Davenport’s wife had died as the result of a car accident. Had one of the girls fielded that call, too?
“I’d be glad to,” she assured him. He gave her the number and she programmed it into her cell phone.
“And ask for Sophie. She’s the levelheaded one,” Davenport added.
“And what will we do about your party tomorrow night?” Katie asked.
“You don’t think a broken foot is going to keep me from my retirement party, do you? Not a chance!”
“All right. Then I’ll see you tomorrow night. Call—or have Sophie call—if you need anything,” Katie said sincerely.
Davenport nodded and sank back against the gurney’s pillow, grunting as the EMTs loaded him into the back of the ambulance. Katie watched as they slammed the back door. She stepped back, wrapping her arms around herself to ward off the damp chill that had settled.

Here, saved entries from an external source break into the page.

Lemma indeg_gt0 t v : 0 < indeg t v -> exists2 u, e u v & y t u v.
Proof.
rewrite lt_def psumr_neq0 => [|u _]; last by rewrite ler0n.
case/andP=> /hasP [u _ /andP [euv yuv]] _.
by exists u; rewrite // ltr0n lt0b in yuv.
Qed.

Lemma x_step t v : (1 <= t <= T)%N -> X t v = X t.-1 v + indeg t v.
Proof. by case: feasible => _ [_ [_ [c4 _]]]; apply: c4. Qed.

Lemma x_mono t v : (1 <= t <= T)%N -> x t.-1 v -> x t v.
Proof.
move=> tT xv; have := x_step v tT; have := indeg_ge0 t v.
by rewrite xv; case: (x t v) => //=; lra.
Qed.

Lemma y_head_new t u v : (1 <= t <= T)%N -> e u v -> y t u v ->
  ~~ x t.-1 v && x t v.
Proof.
move=> tT euv yuv; have := x_step v tT; have := indeg_ge1 euv yuv.
by case: (x t v); case: (x t.-1 v) => /=; lra.
Qed.

Lemma x_new_head t v : (1 <= t <= T)%N -> x t v -> ~~ x t.-1 v ->
  exists2 u, e u v & y t u v.
Proof.
move=> tT xv xv'; apply: indeg_gt0; have := x_step v tT.
by rewrite xv (negbTE xv') /=; lra.
Qed.

Lemma y_can_force t u v : (1 <= t <= T)%N -> e u v -> y t u v ->
  can_force e [set w | x t.-1 w] u v.
Proof.
case: feasible => _ [c2 [c3 _]] tT euv yuv.
have filled_of w : 1 <= X t.-1 w -> x t.-1 w by case: (x t.-1 w); rewrite ?ler10.
have /andP [xv _] := y_head_new tT euv yuv.
rewrite /can_force !inE euv xv filled_of ?(le_trans _ (c2 _ _ _ euv tT)) ?yuv //=.
apply/forallP => w; apply/implyP => /andP [wu wv]; rewrite inE filled_of //.
by rewrite (le_trans _ (c3 _ _ _ _ euv wu wv tT)) ?yuv.
Qed.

She glanced toward one of the patrol cars. Deputy Schuler leaned against the trunk, his face pale in the blazing light of the headlights from another cruiser. She’d heard him tell his superiors that he’d never before fired his service revolver during the ten years he’d been a deputy. He was terribly upset, but Katie had no qualms about telling Detective
Hamilton what she’d seen, and that Schuler had acted in self-defense. Abby Wheeler would have shot Schuler dead where he stood if he hadn’t fired first, but that knowledge didn’t help the man now. He was a nice guy. As Davenport had intimated, the events of this night would no doubt haunt him forever.